-- PROBLEM --
Starting at the line that holds "(HdM : is_metric" and stopping at the line that holds "(H : Type) (mul", restate the records below word for word, with both of those lines included.
(EXERCISE MATERIALS begins)
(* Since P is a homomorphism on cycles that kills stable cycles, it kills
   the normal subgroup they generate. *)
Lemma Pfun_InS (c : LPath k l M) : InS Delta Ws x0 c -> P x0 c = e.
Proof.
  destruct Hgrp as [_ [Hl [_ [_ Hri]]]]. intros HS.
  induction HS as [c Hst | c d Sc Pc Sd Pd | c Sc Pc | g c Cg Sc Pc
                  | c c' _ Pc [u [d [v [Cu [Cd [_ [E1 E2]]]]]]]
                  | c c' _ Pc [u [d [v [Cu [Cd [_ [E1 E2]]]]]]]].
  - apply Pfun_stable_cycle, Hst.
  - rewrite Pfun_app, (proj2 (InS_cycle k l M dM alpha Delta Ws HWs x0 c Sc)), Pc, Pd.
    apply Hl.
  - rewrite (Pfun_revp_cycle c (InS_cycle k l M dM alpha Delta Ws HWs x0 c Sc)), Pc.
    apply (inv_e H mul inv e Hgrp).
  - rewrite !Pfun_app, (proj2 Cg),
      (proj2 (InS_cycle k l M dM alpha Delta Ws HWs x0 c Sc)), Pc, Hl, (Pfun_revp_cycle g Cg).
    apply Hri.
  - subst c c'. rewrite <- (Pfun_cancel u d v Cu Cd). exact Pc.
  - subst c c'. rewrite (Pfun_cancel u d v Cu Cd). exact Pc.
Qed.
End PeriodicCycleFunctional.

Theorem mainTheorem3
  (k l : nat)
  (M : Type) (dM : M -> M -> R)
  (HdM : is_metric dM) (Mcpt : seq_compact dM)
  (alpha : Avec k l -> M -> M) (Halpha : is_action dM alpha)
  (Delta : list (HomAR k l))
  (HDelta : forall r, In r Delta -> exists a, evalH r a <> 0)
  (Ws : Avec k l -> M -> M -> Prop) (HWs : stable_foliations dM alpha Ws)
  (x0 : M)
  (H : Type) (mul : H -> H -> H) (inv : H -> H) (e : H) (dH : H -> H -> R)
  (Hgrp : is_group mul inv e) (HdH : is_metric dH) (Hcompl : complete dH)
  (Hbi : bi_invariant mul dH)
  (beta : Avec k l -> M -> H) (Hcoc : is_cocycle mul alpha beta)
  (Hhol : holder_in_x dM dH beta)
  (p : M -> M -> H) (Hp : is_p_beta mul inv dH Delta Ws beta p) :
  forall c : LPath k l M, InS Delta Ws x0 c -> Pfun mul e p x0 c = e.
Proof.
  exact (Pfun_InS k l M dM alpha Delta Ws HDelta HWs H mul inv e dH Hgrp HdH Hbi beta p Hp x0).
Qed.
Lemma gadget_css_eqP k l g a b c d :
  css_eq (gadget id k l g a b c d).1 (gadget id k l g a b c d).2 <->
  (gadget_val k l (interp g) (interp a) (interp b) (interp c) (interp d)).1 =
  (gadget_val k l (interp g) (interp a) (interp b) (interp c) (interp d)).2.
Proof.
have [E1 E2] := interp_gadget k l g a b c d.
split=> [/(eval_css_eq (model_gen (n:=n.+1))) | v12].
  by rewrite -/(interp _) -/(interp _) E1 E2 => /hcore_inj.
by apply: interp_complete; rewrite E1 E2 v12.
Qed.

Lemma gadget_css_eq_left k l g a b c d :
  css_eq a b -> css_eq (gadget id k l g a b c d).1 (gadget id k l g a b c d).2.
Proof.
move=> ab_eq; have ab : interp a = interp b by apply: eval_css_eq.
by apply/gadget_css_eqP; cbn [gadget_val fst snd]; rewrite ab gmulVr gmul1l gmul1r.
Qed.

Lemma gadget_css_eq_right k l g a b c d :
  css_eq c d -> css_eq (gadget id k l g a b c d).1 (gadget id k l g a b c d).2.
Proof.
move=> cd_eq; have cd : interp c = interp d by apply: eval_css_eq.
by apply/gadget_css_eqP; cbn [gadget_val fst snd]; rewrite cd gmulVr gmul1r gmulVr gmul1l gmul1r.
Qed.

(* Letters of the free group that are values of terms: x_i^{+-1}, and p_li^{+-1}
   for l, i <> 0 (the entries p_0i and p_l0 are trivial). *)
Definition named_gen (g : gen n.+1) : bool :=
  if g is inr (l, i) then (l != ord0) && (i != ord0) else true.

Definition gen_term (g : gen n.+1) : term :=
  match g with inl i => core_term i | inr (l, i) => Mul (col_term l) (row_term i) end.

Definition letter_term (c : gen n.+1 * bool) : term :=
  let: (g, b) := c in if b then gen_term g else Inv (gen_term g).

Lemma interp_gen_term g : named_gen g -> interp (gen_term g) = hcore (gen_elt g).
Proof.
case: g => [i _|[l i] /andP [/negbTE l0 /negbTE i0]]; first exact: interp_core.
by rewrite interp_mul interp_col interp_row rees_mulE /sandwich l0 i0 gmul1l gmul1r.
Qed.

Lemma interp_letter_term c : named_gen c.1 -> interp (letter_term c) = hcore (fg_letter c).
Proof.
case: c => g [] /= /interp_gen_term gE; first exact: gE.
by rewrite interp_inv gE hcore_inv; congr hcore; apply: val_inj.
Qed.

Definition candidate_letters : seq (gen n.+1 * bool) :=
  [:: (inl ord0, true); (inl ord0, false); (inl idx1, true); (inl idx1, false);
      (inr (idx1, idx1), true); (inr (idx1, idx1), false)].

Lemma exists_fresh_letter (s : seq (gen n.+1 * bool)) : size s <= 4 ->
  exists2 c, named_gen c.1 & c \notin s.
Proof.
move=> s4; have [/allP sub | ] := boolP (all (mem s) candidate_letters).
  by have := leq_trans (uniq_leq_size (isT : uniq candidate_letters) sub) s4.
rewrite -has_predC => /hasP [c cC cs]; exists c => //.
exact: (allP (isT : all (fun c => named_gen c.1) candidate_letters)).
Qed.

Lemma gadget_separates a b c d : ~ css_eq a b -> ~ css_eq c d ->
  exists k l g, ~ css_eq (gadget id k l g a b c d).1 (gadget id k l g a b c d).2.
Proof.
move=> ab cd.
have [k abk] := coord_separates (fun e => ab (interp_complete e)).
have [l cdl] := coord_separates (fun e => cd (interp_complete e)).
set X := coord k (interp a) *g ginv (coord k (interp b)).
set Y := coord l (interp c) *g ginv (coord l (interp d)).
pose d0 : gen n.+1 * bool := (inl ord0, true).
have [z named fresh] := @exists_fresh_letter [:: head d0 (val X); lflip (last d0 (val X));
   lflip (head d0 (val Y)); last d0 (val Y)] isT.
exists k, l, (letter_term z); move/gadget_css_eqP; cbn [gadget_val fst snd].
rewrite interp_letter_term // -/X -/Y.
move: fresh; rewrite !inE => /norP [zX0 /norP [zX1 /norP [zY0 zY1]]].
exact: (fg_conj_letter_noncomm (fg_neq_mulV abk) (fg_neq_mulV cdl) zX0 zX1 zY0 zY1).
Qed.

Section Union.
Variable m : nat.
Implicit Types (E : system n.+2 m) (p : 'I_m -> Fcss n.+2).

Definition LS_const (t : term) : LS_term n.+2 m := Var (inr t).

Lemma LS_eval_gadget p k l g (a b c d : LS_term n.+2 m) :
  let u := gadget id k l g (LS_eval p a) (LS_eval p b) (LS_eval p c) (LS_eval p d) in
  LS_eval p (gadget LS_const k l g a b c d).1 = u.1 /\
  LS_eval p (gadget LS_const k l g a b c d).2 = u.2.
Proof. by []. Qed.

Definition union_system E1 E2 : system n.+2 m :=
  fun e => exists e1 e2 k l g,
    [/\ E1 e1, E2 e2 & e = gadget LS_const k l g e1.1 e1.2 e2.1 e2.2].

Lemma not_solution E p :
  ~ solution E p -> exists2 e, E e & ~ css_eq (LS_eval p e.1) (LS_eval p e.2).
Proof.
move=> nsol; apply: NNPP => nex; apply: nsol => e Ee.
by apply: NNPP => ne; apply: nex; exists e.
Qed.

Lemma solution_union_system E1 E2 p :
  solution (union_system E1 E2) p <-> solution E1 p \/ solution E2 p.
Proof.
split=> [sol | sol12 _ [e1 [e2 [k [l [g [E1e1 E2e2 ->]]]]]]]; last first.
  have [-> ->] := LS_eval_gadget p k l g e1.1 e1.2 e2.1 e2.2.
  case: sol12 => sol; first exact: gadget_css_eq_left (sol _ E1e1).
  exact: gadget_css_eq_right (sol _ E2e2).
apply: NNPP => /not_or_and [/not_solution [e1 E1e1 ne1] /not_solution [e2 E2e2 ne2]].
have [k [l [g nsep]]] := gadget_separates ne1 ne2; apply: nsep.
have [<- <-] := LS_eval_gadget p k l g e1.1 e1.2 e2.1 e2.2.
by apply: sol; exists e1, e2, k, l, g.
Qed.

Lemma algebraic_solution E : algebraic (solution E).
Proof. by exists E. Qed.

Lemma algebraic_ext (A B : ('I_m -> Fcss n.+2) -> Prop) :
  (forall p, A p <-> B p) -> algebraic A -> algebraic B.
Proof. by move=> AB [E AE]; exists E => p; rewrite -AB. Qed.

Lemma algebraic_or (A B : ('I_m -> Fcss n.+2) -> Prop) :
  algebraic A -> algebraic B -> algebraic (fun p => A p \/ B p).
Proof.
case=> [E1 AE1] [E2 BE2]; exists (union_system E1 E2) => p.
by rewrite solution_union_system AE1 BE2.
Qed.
(EXERCISE MATERIALS ends)
-- WRITTEN RESPONSE --
  (HdM : is_metric dM) (Mcpt : seq_compact dM)
  (alpha : Avec k l -> M -> M) (Halpha : is_action dM alpha)
  (Delta : list (HomAR k l))
  (HDelta : forall r, In r Delta -> exists a, evalH r a <> 0)
  (Ws : Avec k l -> M -> M -> Prop) (HWs : stable_foliations dM alpha Ws)
  (x0 : M)
  (H : Type) (mul : H -> H -> H) (inv : H -> H) (e : H) (dH : H -> H -> R)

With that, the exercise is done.